__HOW TO COMPLETE THIS TASK__
Transcribe the records below exactly, from their first line through the line containing "Let dimv_leqn C". Omit every line after it.

Collected data
----

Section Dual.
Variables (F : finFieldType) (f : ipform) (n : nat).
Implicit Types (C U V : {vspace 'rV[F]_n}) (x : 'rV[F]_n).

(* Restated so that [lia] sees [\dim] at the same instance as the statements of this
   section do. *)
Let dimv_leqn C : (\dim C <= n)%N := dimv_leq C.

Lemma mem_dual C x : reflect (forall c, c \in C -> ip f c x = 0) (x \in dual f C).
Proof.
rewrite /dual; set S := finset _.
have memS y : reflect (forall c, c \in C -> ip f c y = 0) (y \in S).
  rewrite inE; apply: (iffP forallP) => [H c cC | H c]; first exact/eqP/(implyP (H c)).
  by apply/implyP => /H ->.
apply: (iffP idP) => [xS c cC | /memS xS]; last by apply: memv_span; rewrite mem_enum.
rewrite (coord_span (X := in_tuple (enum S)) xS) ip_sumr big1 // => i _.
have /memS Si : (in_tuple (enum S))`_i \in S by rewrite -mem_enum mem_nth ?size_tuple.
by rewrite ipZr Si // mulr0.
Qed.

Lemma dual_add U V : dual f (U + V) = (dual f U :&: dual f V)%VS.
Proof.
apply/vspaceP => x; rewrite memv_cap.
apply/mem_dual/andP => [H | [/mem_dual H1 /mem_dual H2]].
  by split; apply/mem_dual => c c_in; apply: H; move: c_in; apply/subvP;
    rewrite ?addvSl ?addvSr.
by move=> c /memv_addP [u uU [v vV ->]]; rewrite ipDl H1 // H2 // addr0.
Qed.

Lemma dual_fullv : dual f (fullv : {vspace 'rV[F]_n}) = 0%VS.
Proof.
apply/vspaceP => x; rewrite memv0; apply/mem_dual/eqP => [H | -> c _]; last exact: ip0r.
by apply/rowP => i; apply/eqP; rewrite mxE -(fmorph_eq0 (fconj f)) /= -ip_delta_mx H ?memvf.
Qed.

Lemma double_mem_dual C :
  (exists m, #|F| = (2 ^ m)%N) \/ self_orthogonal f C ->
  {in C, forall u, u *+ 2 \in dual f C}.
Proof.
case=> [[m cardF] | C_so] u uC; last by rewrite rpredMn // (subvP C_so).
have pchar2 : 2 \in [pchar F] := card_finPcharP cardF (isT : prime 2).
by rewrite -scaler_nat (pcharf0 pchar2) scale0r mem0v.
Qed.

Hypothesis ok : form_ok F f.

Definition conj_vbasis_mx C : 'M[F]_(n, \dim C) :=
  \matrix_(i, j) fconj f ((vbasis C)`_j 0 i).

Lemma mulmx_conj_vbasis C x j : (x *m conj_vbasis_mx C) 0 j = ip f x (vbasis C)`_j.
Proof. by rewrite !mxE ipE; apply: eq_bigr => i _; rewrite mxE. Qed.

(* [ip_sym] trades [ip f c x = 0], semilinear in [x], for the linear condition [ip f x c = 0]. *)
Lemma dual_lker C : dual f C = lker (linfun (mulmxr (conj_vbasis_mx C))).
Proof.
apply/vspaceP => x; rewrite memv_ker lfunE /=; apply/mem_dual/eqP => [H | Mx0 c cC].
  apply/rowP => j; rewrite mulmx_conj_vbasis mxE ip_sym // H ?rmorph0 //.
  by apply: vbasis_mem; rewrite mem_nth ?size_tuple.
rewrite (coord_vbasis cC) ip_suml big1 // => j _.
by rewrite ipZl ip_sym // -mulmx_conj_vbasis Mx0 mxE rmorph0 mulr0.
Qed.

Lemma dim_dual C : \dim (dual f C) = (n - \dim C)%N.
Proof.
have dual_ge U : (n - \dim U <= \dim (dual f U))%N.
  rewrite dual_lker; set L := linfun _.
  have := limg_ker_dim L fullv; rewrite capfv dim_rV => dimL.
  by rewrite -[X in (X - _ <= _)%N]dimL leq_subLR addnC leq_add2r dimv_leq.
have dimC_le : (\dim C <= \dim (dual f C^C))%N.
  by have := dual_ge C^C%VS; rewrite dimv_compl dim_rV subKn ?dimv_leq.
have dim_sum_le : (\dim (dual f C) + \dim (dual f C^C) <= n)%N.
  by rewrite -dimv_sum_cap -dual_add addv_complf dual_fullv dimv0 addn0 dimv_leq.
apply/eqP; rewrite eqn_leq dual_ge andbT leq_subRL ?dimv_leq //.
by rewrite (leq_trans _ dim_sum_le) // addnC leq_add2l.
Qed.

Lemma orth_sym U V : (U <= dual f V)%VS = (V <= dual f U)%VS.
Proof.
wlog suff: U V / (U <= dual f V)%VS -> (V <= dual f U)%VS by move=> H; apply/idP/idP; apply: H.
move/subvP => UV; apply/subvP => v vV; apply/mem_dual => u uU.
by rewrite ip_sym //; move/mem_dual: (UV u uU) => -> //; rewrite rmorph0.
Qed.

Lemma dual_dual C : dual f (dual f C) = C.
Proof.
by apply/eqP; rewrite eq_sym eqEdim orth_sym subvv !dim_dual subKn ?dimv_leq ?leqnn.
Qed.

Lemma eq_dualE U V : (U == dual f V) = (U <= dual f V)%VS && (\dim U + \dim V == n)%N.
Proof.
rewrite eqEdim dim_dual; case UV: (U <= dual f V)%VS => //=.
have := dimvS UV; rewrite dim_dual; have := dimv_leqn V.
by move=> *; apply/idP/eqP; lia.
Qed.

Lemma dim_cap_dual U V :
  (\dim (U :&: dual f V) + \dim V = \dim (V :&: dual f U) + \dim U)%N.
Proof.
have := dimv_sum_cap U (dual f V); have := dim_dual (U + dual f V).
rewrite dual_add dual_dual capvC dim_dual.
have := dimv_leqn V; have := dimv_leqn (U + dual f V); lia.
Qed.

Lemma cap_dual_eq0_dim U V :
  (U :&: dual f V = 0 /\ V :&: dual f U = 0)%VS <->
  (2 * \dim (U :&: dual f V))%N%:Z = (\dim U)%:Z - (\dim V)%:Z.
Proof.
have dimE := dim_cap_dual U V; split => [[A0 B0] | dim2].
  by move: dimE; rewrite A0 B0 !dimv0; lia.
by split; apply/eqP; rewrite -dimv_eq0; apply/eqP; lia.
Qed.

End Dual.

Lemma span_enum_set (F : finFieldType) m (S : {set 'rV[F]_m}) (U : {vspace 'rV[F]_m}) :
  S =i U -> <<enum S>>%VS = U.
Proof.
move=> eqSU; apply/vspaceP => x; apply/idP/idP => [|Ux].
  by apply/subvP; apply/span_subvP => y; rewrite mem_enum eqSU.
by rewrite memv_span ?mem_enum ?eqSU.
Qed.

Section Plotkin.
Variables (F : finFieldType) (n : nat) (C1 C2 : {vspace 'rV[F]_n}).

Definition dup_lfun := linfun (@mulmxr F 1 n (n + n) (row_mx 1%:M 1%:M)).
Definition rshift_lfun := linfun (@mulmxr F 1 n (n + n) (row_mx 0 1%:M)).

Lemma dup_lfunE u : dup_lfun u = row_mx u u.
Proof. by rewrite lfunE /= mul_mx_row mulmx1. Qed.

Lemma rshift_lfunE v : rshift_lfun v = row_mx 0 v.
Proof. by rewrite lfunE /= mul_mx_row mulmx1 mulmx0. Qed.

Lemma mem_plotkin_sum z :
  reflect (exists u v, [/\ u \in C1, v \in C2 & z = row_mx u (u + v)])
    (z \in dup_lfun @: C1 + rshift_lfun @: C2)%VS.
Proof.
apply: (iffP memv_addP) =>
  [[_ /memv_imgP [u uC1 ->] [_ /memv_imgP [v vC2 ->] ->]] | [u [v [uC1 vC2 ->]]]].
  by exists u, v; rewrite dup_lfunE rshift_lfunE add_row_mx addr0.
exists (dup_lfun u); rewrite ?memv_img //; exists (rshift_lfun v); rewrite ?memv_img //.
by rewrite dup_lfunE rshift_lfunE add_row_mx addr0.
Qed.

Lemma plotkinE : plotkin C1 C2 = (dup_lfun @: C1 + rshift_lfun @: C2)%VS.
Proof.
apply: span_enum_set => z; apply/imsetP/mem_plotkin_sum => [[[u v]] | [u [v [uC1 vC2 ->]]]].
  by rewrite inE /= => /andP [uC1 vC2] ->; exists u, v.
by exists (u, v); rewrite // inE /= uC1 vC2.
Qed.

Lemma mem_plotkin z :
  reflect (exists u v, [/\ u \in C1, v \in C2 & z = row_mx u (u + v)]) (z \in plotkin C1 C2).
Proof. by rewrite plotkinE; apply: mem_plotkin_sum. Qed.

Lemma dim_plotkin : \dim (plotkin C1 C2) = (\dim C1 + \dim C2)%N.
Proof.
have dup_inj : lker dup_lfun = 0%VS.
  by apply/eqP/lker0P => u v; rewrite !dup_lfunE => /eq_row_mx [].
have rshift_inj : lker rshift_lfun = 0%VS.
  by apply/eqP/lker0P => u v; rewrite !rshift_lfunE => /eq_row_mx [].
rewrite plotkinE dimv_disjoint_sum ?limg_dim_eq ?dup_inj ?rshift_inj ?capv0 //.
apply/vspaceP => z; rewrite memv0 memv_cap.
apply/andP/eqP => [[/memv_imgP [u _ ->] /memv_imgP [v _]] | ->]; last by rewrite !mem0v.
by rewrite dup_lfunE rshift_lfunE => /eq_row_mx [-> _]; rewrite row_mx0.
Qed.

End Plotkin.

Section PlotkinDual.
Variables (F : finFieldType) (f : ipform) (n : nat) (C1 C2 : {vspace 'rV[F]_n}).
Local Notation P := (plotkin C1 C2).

----

__TASK ANSWER__
Section Dual.
Variables (F : finFieldType) (f : ipform) (n : nat).
Implicit Types (C U V : {vspace 'rV[F]_n}) (x : 'rV[F]_n).

(* Restated so that [lia] sees [\dim] at the same instance as the statements of this
   section do. *)
Let dimv_leqn C : (\dim C <= n)%N := dimv_leq C.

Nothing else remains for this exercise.